● **REQUIRED WORK**: In the entries that follow, the line with "ψ) -> Der Γ ψ" opens the range and the line with "-> Der Γ (Or (Neg φ) (Neg ψ))" closes it; repeat that range exactly, both lines included.

● **Stored data entries**:
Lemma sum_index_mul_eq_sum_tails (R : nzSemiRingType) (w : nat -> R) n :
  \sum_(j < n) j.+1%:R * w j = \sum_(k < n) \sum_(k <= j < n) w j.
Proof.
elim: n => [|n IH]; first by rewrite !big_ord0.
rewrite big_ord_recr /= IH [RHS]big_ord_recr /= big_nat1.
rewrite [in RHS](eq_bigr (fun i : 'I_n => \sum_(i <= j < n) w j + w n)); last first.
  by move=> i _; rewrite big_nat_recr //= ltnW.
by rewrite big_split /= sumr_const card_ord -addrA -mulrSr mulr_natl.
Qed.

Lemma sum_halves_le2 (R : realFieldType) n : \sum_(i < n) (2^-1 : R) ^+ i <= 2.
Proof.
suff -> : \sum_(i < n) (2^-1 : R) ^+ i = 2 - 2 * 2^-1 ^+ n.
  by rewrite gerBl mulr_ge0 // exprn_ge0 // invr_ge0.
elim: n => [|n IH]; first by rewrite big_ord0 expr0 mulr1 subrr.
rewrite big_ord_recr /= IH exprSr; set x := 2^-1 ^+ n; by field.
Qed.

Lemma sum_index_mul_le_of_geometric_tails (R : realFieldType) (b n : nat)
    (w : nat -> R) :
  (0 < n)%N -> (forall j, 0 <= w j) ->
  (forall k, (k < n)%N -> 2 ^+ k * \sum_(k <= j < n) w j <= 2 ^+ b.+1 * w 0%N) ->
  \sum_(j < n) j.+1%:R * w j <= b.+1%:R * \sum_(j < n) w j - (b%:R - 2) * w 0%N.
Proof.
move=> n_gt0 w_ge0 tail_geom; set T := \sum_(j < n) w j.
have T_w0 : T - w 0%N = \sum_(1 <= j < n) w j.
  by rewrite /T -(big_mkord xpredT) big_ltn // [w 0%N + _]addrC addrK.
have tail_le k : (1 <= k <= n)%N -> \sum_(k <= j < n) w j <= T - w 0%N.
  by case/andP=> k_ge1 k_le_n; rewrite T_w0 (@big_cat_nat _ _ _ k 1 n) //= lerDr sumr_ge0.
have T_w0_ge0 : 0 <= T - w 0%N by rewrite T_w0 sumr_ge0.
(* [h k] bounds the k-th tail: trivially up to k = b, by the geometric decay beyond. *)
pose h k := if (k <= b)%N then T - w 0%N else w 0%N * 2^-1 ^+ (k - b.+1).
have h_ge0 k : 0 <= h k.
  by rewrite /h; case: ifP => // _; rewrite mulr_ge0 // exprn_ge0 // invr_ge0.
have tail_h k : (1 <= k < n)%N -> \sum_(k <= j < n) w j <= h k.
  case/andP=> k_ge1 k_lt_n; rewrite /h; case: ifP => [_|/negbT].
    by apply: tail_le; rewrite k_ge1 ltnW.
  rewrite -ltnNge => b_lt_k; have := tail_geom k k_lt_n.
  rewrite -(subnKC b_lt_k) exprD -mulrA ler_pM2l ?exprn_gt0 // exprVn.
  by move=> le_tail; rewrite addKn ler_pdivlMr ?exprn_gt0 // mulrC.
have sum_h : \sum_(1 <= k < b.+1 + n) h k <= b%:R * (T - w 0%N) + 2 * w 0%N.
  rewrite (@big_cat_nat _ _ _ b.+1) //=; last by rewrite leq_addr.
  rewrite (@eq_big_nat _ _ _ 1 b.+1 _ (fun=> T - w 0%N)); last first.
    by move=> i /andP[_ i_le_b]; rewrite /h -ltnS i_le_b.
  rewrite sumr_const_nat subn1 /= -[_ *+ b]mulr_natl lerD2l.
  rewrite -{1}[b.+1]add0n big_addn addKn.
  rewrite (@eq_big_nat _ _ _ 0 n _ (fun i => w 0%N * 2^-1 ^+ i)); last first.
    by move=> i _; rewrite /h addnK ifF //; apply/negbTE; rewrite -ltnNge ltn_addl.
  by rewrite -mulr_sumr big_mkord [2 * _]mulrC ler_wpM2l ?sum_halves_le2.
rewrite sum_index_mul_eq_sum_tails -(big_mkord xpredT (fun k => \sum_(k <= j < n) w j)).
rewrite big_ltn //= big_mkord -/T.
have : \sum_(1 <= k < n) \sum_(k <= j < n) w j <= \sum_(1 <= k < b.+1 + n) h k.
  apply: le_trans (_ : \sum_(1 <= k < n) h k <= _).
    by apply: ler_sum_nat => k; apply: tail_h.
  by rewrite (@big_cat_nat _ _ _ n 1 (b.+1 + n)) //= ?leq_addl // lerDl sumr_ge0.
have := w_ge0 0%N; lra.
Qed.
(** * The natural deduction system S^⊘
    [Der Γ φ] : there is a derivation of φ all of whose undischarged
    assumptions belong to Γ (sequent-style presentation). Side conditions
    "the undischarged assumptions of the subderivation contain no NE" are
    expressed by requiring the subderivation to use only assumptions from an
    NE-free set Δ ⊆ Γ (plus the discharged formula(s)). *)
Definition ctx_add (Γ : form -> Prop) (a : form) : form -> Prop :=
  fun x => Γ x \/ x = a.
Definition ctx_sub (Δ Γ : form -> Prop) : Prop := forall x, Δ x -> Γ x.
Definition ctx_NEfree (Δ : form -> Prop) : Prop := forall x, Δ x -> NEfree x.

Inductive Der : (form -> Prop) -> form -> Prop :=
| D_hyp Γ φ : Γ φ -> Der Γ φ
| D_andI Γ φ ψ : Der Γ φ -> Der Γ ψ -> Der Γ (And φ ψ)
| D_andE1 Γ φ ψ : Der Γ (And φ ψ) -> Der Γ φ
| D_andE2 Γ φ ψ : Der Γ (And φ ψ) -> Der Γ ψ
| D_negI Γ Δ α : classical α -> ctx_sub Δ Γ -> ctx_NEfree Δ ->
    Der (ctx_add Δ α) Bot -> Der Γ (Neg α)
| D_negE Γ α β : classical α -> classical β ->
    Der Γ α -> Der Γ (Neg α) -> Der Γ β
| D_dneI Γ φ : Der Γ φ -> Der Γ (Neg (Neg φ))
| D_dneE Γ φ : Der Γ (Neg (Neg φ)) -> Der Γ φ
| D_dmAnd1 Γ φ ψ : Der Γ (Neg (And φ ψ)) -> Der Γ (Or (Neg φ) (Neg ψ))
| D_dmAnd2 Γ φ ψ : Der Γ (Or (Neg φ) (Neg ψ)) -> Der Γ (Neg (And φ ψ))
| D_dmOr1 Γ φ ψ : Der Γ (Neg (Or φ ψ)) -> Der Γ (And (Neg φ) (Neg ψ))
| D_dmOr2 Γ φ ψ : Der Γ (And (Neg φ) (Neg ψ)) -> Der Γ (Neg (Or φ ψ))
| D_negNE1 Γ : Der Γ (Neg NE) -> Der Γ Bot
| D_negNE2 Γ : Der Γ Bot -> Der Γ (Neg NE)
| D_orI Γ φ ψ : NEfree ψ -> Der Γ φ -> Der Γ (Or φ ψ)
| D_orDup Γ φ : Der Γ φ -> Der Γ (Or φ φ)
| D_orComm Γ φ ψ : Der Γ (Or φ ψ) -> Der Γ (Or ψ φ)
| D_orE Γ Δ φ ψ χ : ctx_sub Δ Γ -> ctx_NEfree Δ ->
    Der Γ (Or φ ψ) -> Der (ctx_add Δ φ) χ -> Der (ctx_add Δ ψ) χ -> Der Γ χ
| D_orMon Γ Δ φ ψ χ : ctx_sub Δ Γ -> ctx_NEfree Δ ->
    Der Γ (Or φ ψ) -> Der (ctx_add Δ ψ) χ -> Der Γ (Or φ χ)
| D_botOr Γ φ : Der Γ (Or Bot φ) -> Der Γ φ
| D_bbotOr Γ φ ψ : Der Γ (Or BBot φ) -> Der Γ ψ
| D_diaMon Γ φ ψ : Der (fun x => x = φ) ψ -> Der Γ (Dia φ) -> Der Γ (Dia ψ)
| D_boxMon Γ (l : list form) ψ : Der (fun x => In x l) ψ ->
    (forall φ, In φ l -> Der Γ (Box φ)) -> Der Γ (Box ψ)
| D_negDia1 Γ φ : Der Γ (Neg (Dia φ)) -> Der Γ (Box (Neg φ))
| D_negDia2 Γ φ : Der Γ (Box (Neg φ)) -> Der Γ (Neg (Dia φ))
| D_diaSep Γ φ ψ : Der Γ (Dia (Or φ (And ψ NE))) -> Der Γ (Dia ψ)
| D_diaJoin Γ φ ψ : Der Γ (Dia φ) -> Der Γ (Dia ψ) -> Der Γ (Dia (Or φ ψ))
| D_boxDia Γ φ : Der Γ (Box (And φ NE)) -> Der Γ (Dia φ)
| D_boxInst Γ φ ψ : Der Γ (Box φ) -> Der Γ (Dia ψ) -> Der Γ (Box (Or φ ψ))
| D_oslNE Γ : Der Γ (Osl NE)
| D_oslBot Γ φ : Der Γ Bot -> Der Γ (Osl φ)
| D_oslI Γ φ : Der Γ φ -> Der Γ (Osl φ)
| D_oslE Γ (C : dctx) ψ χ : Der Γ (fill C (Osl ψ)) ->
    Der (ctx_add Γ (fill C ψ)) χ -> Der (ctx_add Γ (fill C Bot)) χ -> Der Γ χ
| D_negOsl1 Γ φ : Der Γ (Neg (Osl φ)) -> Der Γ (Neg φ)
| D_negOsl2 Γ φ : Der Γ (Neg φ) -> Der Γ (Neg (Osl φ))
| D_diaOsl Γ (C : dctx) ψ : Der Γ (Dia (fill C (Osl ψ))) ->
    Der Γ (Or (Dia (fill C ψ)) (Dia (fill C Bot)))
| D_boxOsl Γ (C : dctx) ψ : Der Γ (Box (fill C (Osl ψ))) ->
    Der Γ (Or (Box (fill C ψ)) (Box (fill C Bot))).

● **SOLUTION TO THIS PROBLEM**:
| D_andE2 Γ φ ψ : Der Γ (And φ ψ) -> Der Γ ψ
| D_negI Γ Δ α : classical α -> ctx_sub Δ Γ -> ctx_NEfree Δ ->
    Der (ctx_add Δ α) Bot -> Der Γ (Neg α)
| D_negE Γ α β : classical α -> classical β ->
    Der Γ α -> Der Γ (Neg α) -> Der Γ β
| D_dneI Γ φ : Der Γ φ -> Der Γ (Neg (Neg φ))
| D_dneE Γ φ : Der Γ (Neg (Neg φ)) -> Der Γ φ
| D_dmAnd1 Γ φ ψ : Der Γ (Neg (And φ ψ)) -> Der Γ (Or (Neg φ) (Neg ψ))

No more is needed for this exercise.